Records from a dataset:

────────

(* Assume (A1)–(A3), (A6) and (A7'), and let $T\ge T_0$ (with $T_0$ from (A7')) and $T\ge3$. Work on the event $\mathcal E_T=\{\forall\,1\le s\le e\le T:\ |\widehat C(s,e)-C(s,e)|\le\lambda_T\sqrt{e-s+1}\}$. Let $\boldsymbol\tau$ be an admissible segmentation containing a segment $E=[s,e]$ that contains exactly one true change point $\tau_k$, with $s\le\tau_k<e$, such that $n_1:=\tau_k-s+1\ge\delta_T$ and $n_2:=e-\tau_k\ge\delta_T$. Let $\boldsymbol\tau'$ be the segmentation obtained from $\boldsymbol\tau$ by replacing $E$ with the two segments $[s,\tau_k]$ and $[\tau_k+1,e]$. Then $\boldsymbol\tau'$ is admissible and $L(\boldsymbol\tau')<L(\boldsymbol\tau)$.
   Context: Let $Y_1,\dots,Y_T$ be random vectors in $\mathbb R^d$ with true change points $0=\tau_0<\tau_1<\dots<\tau_K<\tau_{K+1}=T$. Let $k$ be a positive definite kernel on $\mathbb R^d$ with RKHS $\mathcal H$, feature map $\phi(y)=k(y,\cdot)$, and $\mu_P=\mathbb E_{Y\sim P}\phi(Y)$. Define $\widehat C(s,e)=\sum_{t=s}^e k(Y_t,Y_t)-\frac{1}{e-s+1}\sum_{i=s}^e\sum_{j=s}^e k(Y_i,Y_j)$ and $C(s,e)=\mathbb E[\widehat C(s,e)]$. A segmentation with $K'$ change points is $\boldsymbol\tau'=(\tau'_0,\dots,\tau'_{K'+1})$ with $0=\tau'_0<\dots<\tau'_{K'+1}=T$ and segments $[\tau'_{r-1}+1,\tau'_r]$; $L(\boldsymbol\tau')=\sum_{r=1}^{K'+1}\widehat C(\tau'_{r-1}+1,\tau'_r)+\beta_T K'$ for a penalty $\beta_T>0$. Let $\lambda_T=4\sqrt2\,M\sqrt{(8m+5)\log T}$. (A1) For a fixed integer $m\ge0$, $(Y_t)$ is $m$-dependent: for every $t$, $(Y_1,\dots,Y_t)$ is independent of $(Y_{t+m+1},\dots,Y_T)$; for each $k$, $(Y_t)_{\tau_{k-1}<t\le\tau_k}$ is strictly stationary with marginal $P_k$. (A2) $k$ is bounded and characteristic, $0\le k\le M<\infty$. (A3) $\Delta_k^2:=\|\mu_{P_k}-\mu_{P_{k+1}}\|_{\mathcal H}^2>0$ for $k=1,\dots,K$, and $\Delta_\star^2:=\min_k\Delta_k^2>0$. (A6) $\delta_T\asymp\sqrt{T\log T}$ and $\delta_T\le\ell_T/3$, where $\ell_T=\min_k(\tau_k-\tau_{k-1})$; a segmentation is admissible if each of its segments has length at least $\delta_T$. (A7') With $\overline B_T=(4m+2)M+\frac{(2m^2+2m)M}{\delta_T}$, there is $T_0$ such that for all $T\ge T_0$: $\frac{\delta_T}{2}\Delta_\star^2>\beta_T+3\lambda_T\sqrt T+\overline B_T$. *)

From HB Require Import structures.
From mathcomp Require Import all_boot all_order all_algebra.
From mathcomp Require Import all_classical all_reals all_analysis.
Set Implicit Arguments. Unset Strict Implicit. Unset Printing Implicit Defensive.
Import Order.TTheory GRing.Theory Num.Theory.
Local Open Scope classical_set_scope.
Local Open Scope ring_scope.


Section Defs.
Context {R : realType} {d : nat}.
Notation X := (d.-tuple R).

Definition pos_def_kernel (k : X -> X -> R) : Prop :=
  (forall x y, k x y = k y x) /\
  (forall (n : nat) (x : 'I_n -> X) (c : 'I_n -> R),
      0 <= \sum_(i < n) \sum_(j < n) c i * c j * k (x i) (x j)).

(* <mu_P, mu_Q>_H = \int\int k(x,y) dP(x) dQ(y) *)
Definition kinner (k : X -> X -> R) (P Q : probability X R) : R :=
  fine (\int[P]_x \int[Q]_y (k x y)%:E)%E.

Definition mmd2 (k : X -> X -> R) (P Q : probability X R) : R :=
  kinner k P P - 2 * kinner k P Q + kinner k Q Q.

Definition characteristic (k : X -> X -> R) : Prop :=
  forall P Q : probability X R, mmd2 k P Q = 0 ->
    forall A : set X, measurable A -> P A = Q A.

Context {dO : measure_display} {Omega : measurableType dO}.

Definition Chat (k : X -> X -> R) (Y : nat -> Omega -> X) (s e : nat)
    (w : Omega) : R :=
  \sum_(s <= t < e.+1) k (Y t w) (Y t w)
  - ((e - s).+1%:R)^-1 *
    \sum_(s <= i < e.+1) \sum_(s <= j < e.+1) k (Y i w) (Y j w).

Definition Cexp (P : probability Omega R) (k : X -> X -> R)
    (Y : nat -> Omega -> X) (s e : nat) : R :=
  fine (\int[P]_w (Chat k Y s e w)%:E)%E.

Definition sigma_gen (Y : nat -> Omega -> X) (I : set nat) : set (set Omega) :=
  <<s \bigcup_(i in I) [set Y i @^-1` A | A in (@measurable _ X)] >>.

Definition indep_sigma (P : probability Omega R) (F G : set (set Omega)) : Prop :=
  forall A B, F A -> G B -> P (A `&` B) = (P A * P B)%E.

Definition m_dependent (P : probability Omega R) (Y : nat -> Omega -> X)
    (T m : nat) : Prop :=
  forall t : nat,
    indep_sigma P (sigma_gen Y [set i | (1 <= i <= t)%N])
                  (sigma_gen Y [set i | (t + m + 1 <= i <= T)%N]).

(* strict stationarity of (Y_t)_{a < t <= b}: all finite-dimensional
   distributions (evaluated on measurable rectangles) are shift invariant *)
Definition strictly_stationary_on (P : probability Omega R)
    (Y : nat -> Omega -> X) (a b : nat) : Prop :=
  forall (n : nat) (ts : 'I_n -> nat) (h : nat) (A : 'I_n -> set X),
    (forall i, measurable (A i)) ->
    (forall i, (a < ts i <= b)%N /\ (a < ts i + h <= b)%N) ->
    P (\bigcap_(i in [set: 'I_n]) (Y (ts i + h) @^-1` A i)) =
    P (\bigcap_(i in [set: 'I_n]) (Y (ts i) @^-1` A i)).

Definition marginal_on (P : probability Omega R) (Y : nat -> Omega -> X)
    (a b : nat) (Q : probability X R) : Prop :=
  forall t, (a < t <= b)%N -> forall A : set X, measurable A ->
    P (Y t @^-1` A) = Q A.

(* a segmentation with change points c = [tau'_1; ...; tau'_K'] of {1..T}:
   0 < tau'_1 < ... < tau'_K' < T *)
Definition valid_seg (T : nat) (c : seq nat) : bool := path ltn 0 (rcons c T).

(* its segments [tau'_{r-1}+1, tau'_r], as pairs (start, end) *)
Definition segments (T : nat) (c : seq nat) : seq (nat * nat) :=
  pairmap (fun a b => (a.+1, b)) 0 (rcons c T).

Definition admissible (delta : R) (T : nat) (c : seq nat) : bool :=
  valid_seg T c && all (fun p => delta <= ((p.2 - p.1).+1)%:R) (segments T c).

Definition Lcost (k : X -> X -> R) (Y : nat -> Omega -> X) (beta : R)
    (T : nat) (c : seq nat) (w : Omega) : R :=
  \sum_(p <- segments T c) Chat k Y p.1 p.2 w + beta * (size c)%:R.

End Defs.

Definition lambdaT {R : realType} (M : R) (m T : nat) : R :=
  4 * Num.sqrt 2 * M * Num.sqrt ((8 * m + 5)%:R * ln (T%:R)).

Definition Bbar {R : realType} (M : R) (m : nat) (deltaT : R) : R :=
  (4 * m + 2)%:R * M + (2 * m ^ 2 + 2 * m)%:R * M / deltaT.

Definition asymp_sqrt_nlogn {R : realType} (delta : nat -> R) : Prop :=
  exists c1 c2 : R, 0 < c1 /\ 0 < c2 /\ exists N : nat, forall n, (N <= n)%N ->
    c1 * Num.sqrt (n%:R * ln n%:R) <= delta n <= c2 * Num.sqrt (n%:R * ln n%:R).

From HB Require Import structures.
From mathcomp Require Import all_boot all_order all_algebra.
From mathcomp Require Import all_classical all_reals all_analysis.
From mathcomp Require Import zify ring lra.
Import Order.TTheory GRing.Theory Num.Theory.
Local Open Scope classical_set_scope.
Local Open Scope ring_scope.
Set Implicit Arguments. Unset Strict Implicit. Unset Printing Implicit Defensive.

(* Splitting E at tau_k changes the cost by
   Chat(s, tau_k) + Chat(tau_k + 1, e) + beta_T - Chat(s, e), and on E_T each Chat
   is within lambda_T sqrt T of its mean C.  Writing C through the Gram means
   a_ij = E k(Y_i, Y_j), the drop C(s, e) - C(s, tau_k) - C(tau_k + 1, e) equals
   S_A / n1 + S_B / n2 - (S_A + S_B + 2 S_AB) / (n1 + n2) for the block sums of a.
   By m-dependence a_ij = <mu_P, mu_Q> as soon as |i - j| > m, so each row of a
   block misses its ideal value in at most 2m + 1 entries, each by at most M;
   hence the drop is at least n1 n2 / (n1 + n2) Delta_k^2 - 2 (2m + 1) M, which is
   at least delta_T Delta_*^2 / 2 - Bbar_T, and (A7') makes the split profitable. *)

Section bounded_Rintegral.
Context {d} {T : measurableType d} {R : realType} (mu : probability T R).

Lemma bounded_integrable (f : T -> R) (c : R) :
  measurable_fun setT f -> (forall x, `|f x| <= c) ->
  mu.-integrable setT (EFin \o f).
Proof.
move=> mf fc; apply: measurable_bounded_integrable => //.
  by have := probability_setT mu; rewrite /= => ->; rewrite ltry.
exists c; split; first exact: num_real.
by move=> y cy x _; rewrite /= ltW // (le_lt_trans (fc x) cy).
Qed.

Lemma integrable_sumr (I : eqType) (s : seq I) (f : I -> T -> R) :
  (forall i, i \in s -> mu.-integrable setT (EFin \o f i)) ->
  mu.-integrable setT (EFin \o fun x => \sum_(i <- s) f i x).
Proof.
move=> fi; have -> : EFin \o (fun x => \sum_(i <- s) f i x) =
    (fun x => \sum_(i <- s | i \in s) (f i x)%:E)%E.
  by apply/funext => x; rewrite /= -big_seq sumEFin.
exact: integrable_sum.
Qed.

Lemma Rintegral_sum (I : eqType) (s : seq I) (f : I -> T -> R) :
  (forall i, i \in s -> mu.-integrable setT (EFin \o f i)) ->
  \int[mu]_x (\sum_(i <- s) f i x) = \sum_(i <- s) \int[mu]_x f i x.
Proof.
elim: s => [_|i s IH fi].
  by under eq_Rintegral do rewrite big_nil; rewrite Rintegral_cst //= mul0r big_nil.
have fs j : j \in s -> mu.-integrable setT (EFin \o f j).
  by move=> js; apply: fi; rewrite in_cons js orbT.
under eq_Rintegral do rewrite big_cons.
rewrite big_cons RintegralD ?IH //; first by apply: fi; rewrite mem_head.
exact: integrable_sumr.
Qed.

Lemma Rintegral_ge0_le (f : T -> R) (M : R) :
  measurable_fun setT f -> (forall x, 0 <= f x <= M) ->
  0 <= \int[mu]_x f x <= M.
Proof.
move=> mf fM; have f0 x : 0 <= f x by case/andP: (fM x).
apply/andP; split; first exact: Rintegral_ge0.
have -> : M = \int[mu]_x (cst M x).
  by rewrite Rintegral_cst //; have := probability_setT mu; rewrite /= => ->; rewrite mulr1.
apply: le_Rintegral => //.
- by apply: (bounded_integrable mf (c := M)) => x; rewrite ger0_norm //; case/andP: (fM x).
- exact: finite_measure_integrable_cst.
- by move=> x _; case/andP: (fM x).
Qed.

End bounded_Rintegral.

Lemma sum_band_row0 (i m r : nat) :
  (\sum_(0 <= j < r) ((i <= j + m) && (j <= i + m)) = minn r (i + m).+1 - (i - m))%N.
Proof.
elim: r => [|r IH]; first by rewrite big_geq //; lia.
rewrite big_nat_recr //= IH.
by case: (boolP ((i <= r + m) && (r <= i + m))%N) => [/andP|/nandP] /=; lia.
Qed.

Lemma sum_band_row_le (i m l r : nat) :
  (\sum_(l <= j < r) ((i <= j + m) && (j <= i + m)) <= 2 * m + 1)%N.
Proof.
have [lr|rl] := leqP l r; last by rewrite big_geq // ltnW.
apply: (@leq_trans (\sum_(0 <= j < r) ((i <= j + m) && (j <= i + m)))).
  by rewrite (@big_cat_nat _ _ _ l 0 r) /= ?leq_addl.
by rewrite sum_band_row0; lia.
Qed.

Lemma banded_block_sum_dev (R : numDomainType) (a : nat -> nat -> R) (c M : R)
    (m l1 r1 l2 r2 : nat) :
  0 <= M ->
  (forall i j, (l1 <= i < r1)%N -> (l2 <= j < r2)%N -> `|a i j - c| <= M) ->
  (forall i j, (l1 <= i < r1)%N -> (l2 <= j < r2)%N ->
     (i + m < j)%N || (j + m < i)%N -> a i j = c) ->
  `|\sum_(l1 <= i < r1) \sum_(l2 <= j < r2) a i j - ((r1 - l1) * (r2 - l2))%:R * c|
    <= (r1 - l1)%:R * ((2 * m + 1)%:R * M).
Proof.
move=> M0 near far.
have -> : \sum_(l1 <= i < r1) \sum_(l2 <= j < r2) a i j - ((r1 - l1) * (r2 - l2))%:R * c
    = \sum_(l1 <= i < r1) \sum_(l2 <= j < r2) (a i j - c).
  under [RHS]eq_bigr => i _ do rewrite sumrB sumr_const_nat.
  by rewrite sumrB sumr_const_nat -mulrnA mulr_natl mulnC.
apply: le_trans (ler_norm_sum _ _ _) _.
rewrite mulr_natl -sumr_const_nat big_nat_cond [leRHS]big_nat_cond.
apply: ler_sum => i /andP[hi _]; apply: le_trans (ler_norm_sum _ _ _) _.
apply: (@le_trans _ _ (\sum_(l2 <= j < r2) ((i <= j + m) && (j <= i + m))%N%:R * M)).
  rewrite big_nat_cond [leRHS]big_nat_cond; apply: ler_sum => j /andP[hj _].
  case: (boolP ((i <= j + m) && (j <= i + m))%N) => [_|/nandP ij].
    by rewrite mul1r near.
  by rewrite mul0r far ?subrr ?normr0 //; apply/orP; lia.
by rewrite -mulr_suml -natr_sum ler_wpM2r // ler_nat sum_band_row_le.
Qed.

Lemma split_gain_ge (R : realFieldType) (x1 x2 SA SB SAB k11 k22 k12 q : R) :
  0 < x1 -> 0 < x2 -> 0 <= q ->
  `|SA - x1 * x1 * k11| <= x1 * q ->
  `|SB - x2 * x2 * k22| <= x2 * q ->
  `|SAB - x1 * x2 * k12| <= x1 * q ->
  `|SAB - x1 * x2 * k12| <= x2 * q ->
  x1 * x2 / (x1 + x2) * (k11 - 2 * k12 + k22) - 2 * q <=
  SA / x1 + SB / x2 - (SA + SB + 2 * SAB) / (x1 + x2).
Proof.
move=> x10 x20 q0; rewrite !ler_norml.
set EA := SA - _; set EB := SB - _; set EC := SAB - _.
move=> /andP[lA _] /andP[lB _] /andP[_ uC1] /andP[_ uC2].
rewrite -subr_ge0.
have -> : SA / x1 + SB / x2 - (SA + SB + 2 * SAB) / (x1 + x2) -
    (x1 * x2 / (x1 + x2) * (k11 - 2 * k12 + k22) - 2 * q) =
    (x2 * x2 * (EA + x1 * q) + x1 * x1 * (EB + x2 * q)
     + x1 * x2 * (x1 * q - EC) + x1 * x2 * (x2 * q - EC)) / (x1 * x2 * (x1 + x2)).
  by rewrite /EA /EB /EC; field; rewrite !gt_eqF ?addr_gt0.
have [eA eB eC1 eC2] : [/\ 0 <= EA + x1 * q, 0 <= EB + x2 * q,
    0 <= x1 * q - EC & 0 <= x2 * q - EC] by split; lra.
apply: divr_ge0; last by rewrite !mulr_ge0 // ltW // addr_gt0.
by rewrite !addr_ge0 // !mulr_ge0 // ltW.
Qed.

Lemma half_le_mul_div_add (R : realFieldType) (dl x1 x2 : R) :
  0 < dl -> dl <= x1 -> dl <= x2 -> dl / 2 <= x1 * x2 / (x1 + x2).
Proof.
move=> dl0 h1 h2; rewrite -subr_ge0.
have -> : x1 * x2 / (x1 + x2) - dl / 2 =
    (x2 * (x1 - dl) + x1 * (x2 - dl)) / (2 * (x1 + x2)).
  by field; rewrite gt_eqF //; lra.
by apply: divr_ge0; [apply: addr_ge0; apply: mulr_ge0 | ]; lra.
Qed.

Lemma half_mul_le_mul_div_add (R : realFieldType) (dl x1 x2 a b : R) :
  0 < dl -> dl <= x1 -> dl <= x2 -> a <= b -> 0 <= b ->
  dl / 2 * a <= x1 * x2 / (x1 + x2) * b.
Proof.
move=> dl0 h1 h2 ab b0; apply: le_trans (ler_wpM2l _ ab) (ler_wpM2r b0 _).
  by rewrite divr_ge0 ?ltW.
exact: half_le_mul_div_add.
Qed.

Lemma sum_sym_square_split (R : pzRingType) (a : nat -> nat -> R) (s t e : nat) :
  (s <= t <= e)%N -> (forall i j, a i j = a j i) ->
  \sum_(s <= i < e) \sum_(s <= j < e) a i j =
  \sum_(s <= i < t) \sum_(s <= j < t) a i j + \sum_(t <= i < e) \sum_(t <= j < e) a i j
  + 2 * \sum_(s <= i < t) \sum_(t <= j < e) a i j.
Proof.
move=> /andP[st te] a_sym.
have splitE (F : nat -> R) : \sum_(s <= j < e) F j = \sum_(s <= j < t) F j + \sum_(t <= j < e) F j.
  exact: big_cat_nat.
rewrite splitE; under eq_bigr do rewrite splitE; under [X in _ + X]eq_bigr do rewrite splitE.
rewrite !big_split /= [X in _ + (X + _)]exchange_big /=.
under [X in _ + (X + _)]eq_bigr do under eq_bigr do rewrite a_sym.
by rewrite mulr_natl mulr2n !addrA addrAC [X in X + _ = _]addrAC.
Qed.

────────

Action item: Please list every line of the records that contains "Section".

Answer for this exercise:
Section Defs.
Section bounded_Rintegral.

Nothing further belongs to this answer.